Огнем и мечом
Яворских вытянут судом последний грош и пустят их по миру с сумой. Вы тоже останетесь в барыше, потому что я не стану напоминать о том поясе, который вы обещали мне в Кудаке.

— Ты мне уже напомнил! Ах ты такой-сякой! Я не знаю, где этот пояс, но уж если я обешал, то дам другой!

— Покорно благодарю! — сказал юноша, обнимая колени Скшетуского.

— Не за что! Ну продолжай! Что с тобой было?
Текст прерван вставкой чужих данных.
(* Let $S$ be a dense subsemigroup of $((0,\infty),+)$ and let $A\subseteq S$. Then $A$ is quasi-central near zero if and only if there exist a dynamical system $(X,\langle T_s\rangle_{s\in S})$, points $x,y\in X$ such that the pair $(x,y)$ is $JIUR_0$, and a neighbourhood $U$ of $y$ such that $A=\{s\in S: T_s(x)\in U\}$.
   Context: ''Dense'' means dense in the usual topology of $(0,\infty)$. $\beta S$ is the Stone–Čech compactification of the discrete set $S$ (ultrafilters on $S$), with $+$ extended so that $(\beta S,+)$ is a compact right topological semigroup: $A\in p+q$ iff $\{x\in S:-x+A\in q\}\in p$, where $-x+A=\{y\in S:x+y\in A\}$. $O^{+}(S)=\{p\in\beta S: S\cap(0,\epsilon)\in p\text{ for every }\epsilon>0\}$, a compact right topological subsemigroup of $\beta S$; $K(O^{+}(S))$ is its smallest two-sided ideal and $\mathrm{Cl}$ is closure in $\beta S$. A set $A\subseteq S$ is quasi-central near zero iff there is an idempotent $p\in\mathrm{Cl}\,K(O^{+}(S))$ with $A\in p$. A dynamical system $(X,\langle T_s\rangle_{s\in S})$ consists of a compact Hausdorff space $X$ and continuous maps $T_s:X\to X$ with $T_s\circ T_t=T_{s+t}$. A subset $A\subseteq S$ is piecewise syndetic near zero iff there exist sequences $\langle F_n\rangle$ and $\langle\delta_n\rangle$ such that (1) for each $n$, $F_n$ is a finite nonempty subset of $(0,\frac1n)\cap S$ and $\delta_n\in(0,\frac1n)$, and (2) for every finite nonempty $G\subseteq S$ and every $\mu>0$ there is $x\in(0,\mu)\cap S$ with $(G\cap(0,\delta_n))+x\subseteq\bigcup_{t\in F_n}(-t+A)$ for all $n\in\mathbb{N}$. The pair $(x,y)$ is $JIUR_0$ (jointly intermittently uniformly recurrent near zero) iff for every neighbourhood $U$ of $y$, the set $\{s\in S: T_s(x)\in U\text{ and }T_s(y)\in U\}$ is piecewise syndetic near zero. *)

From Stdlib Require Import Reals List.
Open Scope R_scope.

Definition dense_subsemigroup (S : R -> Prop) : Prop :=
  (forall x, S x -> 0 < x) /\
  (forall x y, S x -> S y -> S (x + y)) /\
  (forall a b, 0 < a -> a < b -> exists s, S s /\ a < s /\ s < b).

(* Points of betaS are ultrafilters on S; subsets of S are predicates on R,
   and p A depends only on A restricted to S. *)
Definition ultrafilter (S : R -> Prop) (p : (R -> Prop) -> Prop) : Prop :=
  p S /\
  ~ p (fun _ => False) /\
  (forall A B, p A -> p B -> p (fun x => A x /\ B x)) /\
  (forall A B : R -> Prop, p A -> (forall x, A x -> B x) -> p B) /\
  (forall A, p A \/ p (fun x => S x /\ ~ A x)).

Definition shiftset (S : R -> Prop) (x : R) (A : R -> Prop) : R -> Prop :=
  fun y => S y /\ A (x + y).

Definition bplus (S : R -> Prop) (p q : (R -> Prop) -> Prop) : (R -> Prop) -> Prop :=
  fun A => p (fun x => S x /\ q (shiftset S x A)).

Definition is_sum (S : R -> Prop) (r p q : (R -> Prop) -> Prop) : Prop :=
  forall A, r A <-> bplus S p q A.

Definition Oplus (S : R -> Prop) (p : (R -> Prop) -> Prop) : Prop :=
  ultrafilter S p /\
  forall eps, 0 < eps -> p (fun x => S x /\ 0 < x /\ x < eps).

Definition two_sided_ideal_Oplus (S : R -> Prop)
  (I : ((R -> Prop) -> Prop) -> Prop) : Prop :=
  (exists q, I q) /\
  (forall q, I q -> Oplus S q) /\
  (forall p q r, Oplus S p -> I q -> is_sum S r p q -> I r) /\
  (forall p q r, Oplus S p -> I q -> is_sum S r q p -> I r).

(* K(O^+(S)) : the smallest two-sided ideal = intersection of all of them *)
Definition K_Oplus (S : R -> Prop) (q : (R -> Prop) -> Prop) : Prop :=
  forall I, two_sided_ideal_Oplus S I -> I q.

(* closure in betaS: every basic clopen {r : A in r} around p meets the set *)
Definition beta_closure (S : R -> Prop) (M : ((R -> Prop) -> Prop) -> Prop)
  (p : (R -> Prop) -> Prop) : Prop :=
  ultrafilter S p /\
  forall A, p A -> exists q, M q /\ q A.

Definition idempotent (S : R -> Prop) (p : (R -> Prop) -> Prop) : Prop :=
  ultrafilter S p /\ is_sum S p p p.

Definition quasi_central_near_zero (S A : R -> Prop) : Prop :=
  exists p, idempotent S p /\ beta_closure S (K_Oplus S) p /\ p A.

Definition piecewise_syndetic_near_zero (S A : R -> Prop) : Prop :=
  exists (F : nat -> list R) (delta : nat -> R),
    (forall n : nat, (1 <= n)%nat ->
       F n <> nil /\
       (forall t, In t (F n) -> S t /\ 0 < t /\ t < 1 / INR n) /\
       0 < delta n /\ delta n < 1 / INR n) /\
    (forall (G : list R) (mu : R),
       G <> nil -> (forall g, In g G -> S g) -> 0 < mu ->
       exists x, S x /\ 0 < x /\ x < mu /\
         forall n : nat, (1 <= n)%nat ->
           forall g, In g G -> 0 < g -> g < delta n ->
             exists t, In t (F n) /\ shiftset S t A (g + x)).

Record topology (X : Type) : Type := {
  open : (X -> Prop) -> Prop;
  open_full : open (fun _ => True);
  open_inter : forall U V, open U -> open V -> open (fun x => U x /\ V x);
  open_union : forall Fam : (X -> Prop) -> Prop,
      (forall U, Fam U -> open U) -> open (fun x => exists U, Fam U /\ U x)
}.
Arguments open {X} t _.

Definition compact_space {X : Type} (t : topology X) : Prop :=
  forall Fam : (X -> Prop) -> Prop,
    (forall U, Fam U -> open t U) ->
    (forall x, exists U, Fam U /\ U x) ->
    exists l : list (X -> Prop),
      (forall U, In U l -> Fam U) /\ (forall x, exists U, In U l /\ U x).

Definition hausdorff {X : Type} (t : topology X) : Prop :=
  forall x y : X, x <> y ->
    exists U V, open t U /\ open t V /\ U x /\ V y /\
                (forall z, U z -> V z -> False).

Definition continuous {X : Type} (t : topology X) (f : X -> X) : Prop :=
  forall V, open t V -> open t (fun x => V (f x)).

Definition nbhd_top {X : Type} (t : topology X) (U : X -> Prop) (y : X) : Prop :=
  exists V, open t V /\ V y /\ (forall z, V z -> U z).

Definition dynamical_system (S : R -> Prop) {X : Type} (t : topology X)
  (T : R -> X -> X) : Prop :=
  compact_space t /\ hausdorff t /\
  (forall s, S s -> continuous t (T s)) /\
  (forall s u, S s -> S u -> forall z, T s (T u z) = T (s + u) z).

Definition JIUR0 (S : R -> Prop) {X : Type} (t : topology X)
  (T : R -> X -> X) (x y : X) : Prop :=
  forall U, nbhd_top t U y ->
    piecewise_syndetic_near_zero S (fun s => S s /\ U (T s x) /\ U (T s y)).

(* Everything happens in the compact right topological semigroup betaS of ultrafilters.

   If A lies in an idempotent p of cl K(O^+(S)), let S act on beta(S u {0}) by the continuous
   extensions of the translations, and take x the principal ultrafilter at 0 and y = p.  Then
   T_s x is principal at s, so A is the set of return times of x to the clopen set {q | A in q};
   idempotence of p puts the joint return times of (x, y) to any neighbourhood of y into p,
   hence into a member of K(O^+(S)), and a set belonging to a member of K(O^+(S)) is piecewise
   syndetic near zero.

   Conversely, piecewise syndeticity near zero puts every set of joint return times to a
   neighbourhood of y into a member of K(O^+(S)); by compactness one point of cl K(O^+(S))
   contains them all.  Hence the ultrafilters q in cl K(O^+(S)) with q-lim T_s x = y = q-lim T_s y
   form a nonempty closed subsemigroup, Ellis' theorem gives an idempotent in it, and that
   idempotent contains A. *)

From Stdlib Require Import Reals List Lra Lia FunctionalExtensionality PropExtensionality
  ClassicalEpsilon.
From mathcomp Require classical_sets.
Open Scope R_scope.

Lemma zorn_maximal {T : Type} (P : (T -> Prop) -> Prop) :
  (forall F : (T -> Prop) -> Prop, (forall X, F X -> P X) ->
     (forall X Y, F X -> F Y -> (forall x, X x -> Y x) \/ (forall x, Y x -> X x)) ->
     P (fun x => exists X, F X /\ X x)) ->
  exists A, P A /\ forall B, P B -> (forall x, A x -> B x) -> forall x, B x -> A x.
Proof.
  intros Hchain.
  assert (Hc : forall F : classical_sets.set (classical_sets.set T),
     classical_sets.subset F P ->
     classical_sets.total_on F classical_sets.subset ->
     P (classical_sets.bigcup F (fun X : classical_sets.set T => X))).
  { intros F FP Ftot.
    replace (classical_sets.bigcup F (fun X => X)) with (fun x => exists X, F X /\ X x).
    - apply Hchain; [exact FP|]. intros X Y FX FY. destruct (Ftot X Y FX FY); auto.
    - apply functional_extensionality; intro x; apply propositional_extensionality.
      split; [intros [X [FX Xx]]; exists X; auto | intros [X FX Xx]; eauto]. }
  destruct (classical_sets.Zorn_bigcup Hc) as [A [PA Amax]].
  exists A; split; [exact PA|].
  intros B PB AB x Bx. apply NNPP; intro nAx.
  apply (Amax B); [|exact PB]. split; [exact AB|].
  intros BA. apply nAx, BA, Bx.
Qed.

Definition inter (l : list (R -> Prop)) : R -> Prop := fun x => forall B, In B l -> B x.

Definition FIP (S : R -> Prop) (G : (R -> Prop) -> Prop) : Prop :=
  forall l, (forall B, In B l -> G B) -> exists x, S x /\ inter l x.

Section Ultrafilters.

Context {S : R -> Prop}.

Section OneUltrafilter.

Context {p : (R -> Prop) -> Prop} (Up : ultrafilter S p).

Lemma uf_mono {A B} : p A -> (forall x, S x -> A x -> B x) -> p B.
Proof.
  destruct Up as [_ [_ [Hand [Hup _]]]]. intros pA AB.
  apply Hup with (A := fun x => A x /\ S x); [apply Hand; [exact pA|apply Up]|].
  intros x [Ax Sx]; auto.
Qed.

Lemma uf_full : p S.
Proof. apply Up. Qed.

Lemma uf_and {A B} : p A -> p B -> p (fun x => A x /\ B x).
Proof. apply Up. Qed.

Lemma uf_nonempty {A} : p A -> exists x, S x /\ A x.
Proof.
  intros pA. apply NNPP; intro N. destruct Up as [_ [Hnot0 _]]. apply Hnot0.
  apply (uf_mono (uf_and pA uf_full)). intros x _ [Ax Sx]. apply N; eauto.
Qed.

Lemma uf_compl {A} : ~ p A -> p (fun x => S x /\ ~ A x).
Proof. destruct Up as [_ [_ [_ [_ Hdich]]]]. destruct (Hdich A); tauto. Qed.

Lemma uf_compl_absurd {A} : p A -> p (fun x => S x /\ ~ A x) -> False.
Proof.
  intros pA pnA. destruct (uf_nonempty (uf_and pA pnA)) as [x [_ [Ax [_ nAx]]]]. auto.
Qed.

Lemma uf_inter_list l : (forall B, In B l -> p B) -> p (inter l).
Proof.
  induction l as [|B l IH]; intros Hl.
  - apply (uf_mono uf_full). intros x _ _ C [].
  - apply (uf_mono (A := fun x => B x /\ inter l x)).
    + apply uf_and; [apply Hl; left; reflexivity|apply IH; intros; apply Hl; right; auto].
    + intros x _ [Bx Ix] C [<-|HC]; [exact Bx|exact (Ix C HC)].
Qed.

Lemma uf_union_list {T : Type} (l : list T) (C : T -> R -> Prop) :
  p (fun x => exists t, In t l /\ C t x) -> exists t, In t l /\ p (C t).
Proof.
  induction l as [|a l IH]; intros H.
  - destruct (uf_nonempty H) as [x [_ [t [[] _]]]].
  - destruct (classic (p (C a))) as [Ha|Ha]; [exists a; simpl; auto|].
    destruct IH as [t [It Ct]]; [|exists t; simpl; auto].
    apply (uf_mono (uf_and H (uf_compl Ha))).
    intros x _ [[t [[<-|It] Ct]] [_ nC]]; [contradiction|eauto].
Qed.

Lemma uf_equiv {A B} : (forall z, S z -> (A z <-> B z)) -> (p A <-> p B).
Proof. intros H; split; intro HA; apply (uf_mono HA); intros z Sz; apply H; auto. Qed.

End OneUltrafilter.

Lemma uf_eq {p q} : ultrafilter S p -> ultrafilter S q -> (forall A, p A -> q A) -> p = q.
Proof.
  intros Up Uq H. apply functional_extensionality; intro A; apply propositional_extensionality.
  split; [auto|]. intros qA. apply NNPP; intro N.
  exact (uf_compl_absurd Uq qA (H _ (uf_compl Up N))).
Qed.

Lemma FIP_mono G H : (forall B, G B -> H B) -> FIP S H -> FIP S G.
Proof. intros GH F l Hl. apply F. intros; apply GH, Hl; auto. Qed.

Lemma FIP_add H C :
  (forall l, (forall B, In B l -> H B) -> exists x, S x /\ C x /\ inter l x) ->
  FIP S (fun B => H B \/ B = C).
Proof.
  intros Hc l Hl.
  assert (E : exists l', (forall B, In B l' -> H B) /\ forall x, C x -> inter l' x -> inter l x).
  { clear Hc. induction l as [|B l IH].
    - exists nil. split; [intros _ []|intros x _ _ B' []].
    - destruct IH as [l' [H1 H2]]; [intros; apply Hl; simpl; auto|].
      destruct (Hl B (or_introl eq_refl)) as [HB| ->].
      + exists (B :: l'). split; [intros B' [<-|I]; auto|].
        intros x Cx Ix B' [<-|I]; [apply Ix; left; reflexivity|].
        apply H2; auto. intros B'' I'; apply Ix; right; exact I'.
      + exists l'. split; auto. intros x Cx Ix B' [<-|I]; [exact Cx|exact (H2 x Cx Ix B' I)]. }
  destruct E as [l' [H1 H2]]. destruct (Hc l' H1) as [x [Sx [Cx Ix]]]. exists x; auto.
Qed.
— Бог помог мне нажиться от этих разбойников. Одно только огорчало меня: я не знал, что с вами и завладел ли Богун княжной. Вдруг приходит известие, что он едва жив и лежит в Черкасах, раненный князьями. Я мигом в Черкасы. Ведь вы знаете, что я умею прикладывать пластыри и ходить за ранеными. За лекаря я там и прослыл. Полковник Донец поехал со мной и велел мне ухаживать за этим разбойником. А когда я узнал, что княжна бежала с толстым шляхтичем, то у меня точно камень свалился с сердца. Я иду к Богуну и думаю: узнает или не узнает? А он лежат в горячке и сначала не узнал, потом, когда поправился, спросил: «Ты ехал с письмом в Рохтоги?» — «Да» — говорю. «Так это я тебя ранил в Чигирине?» — «Да». — «Ты служишь у Скшетуского?» Тут-то я и начал врать. «Никому, — говорю, — не служу. Я больше видел обид, чем хорошего, на этой службе и потому предпочел идти к казакам, на свободу, и вот уж десять дней как ухаживаю за вами и, бог даст, вылечу!» Он мне поверил и стал со мной откровенничать. От него я узнал, что Розлоги сожжены, что он убил двух князей, а остальные, узнав об этом, хотели идти к нашему князю, но не могли и бежали в литовское войско. Но хуже всего было, когда он вспомнил об этом толстом шляхтиче: он так скрежетал зубами, точно грыз орехи.

— Долго он хворал?

— Долго. Сначала раны зажили, а потом скоро вскрылись, потому что он не берегся. Немало ночей просидел я над ним (чтоб его черт взял!), точно он чего-нибудь стоил… Но я должен вам сказать, что поклялся спасением моей души, что отплачу ему за обиду; и я сдержу эту клятву, хотя бы мне пришлось ходить за ним всю жизнь; он избил меня как собаку, а ведь я не какой-нибудь хам. Он должен умереть от моей руки, разве только кто-нибудь другой раньше уложит его. Я мог не раз убить его, часто ведь около него не было никого, кроме меня, но стыдно было убивать лежачего!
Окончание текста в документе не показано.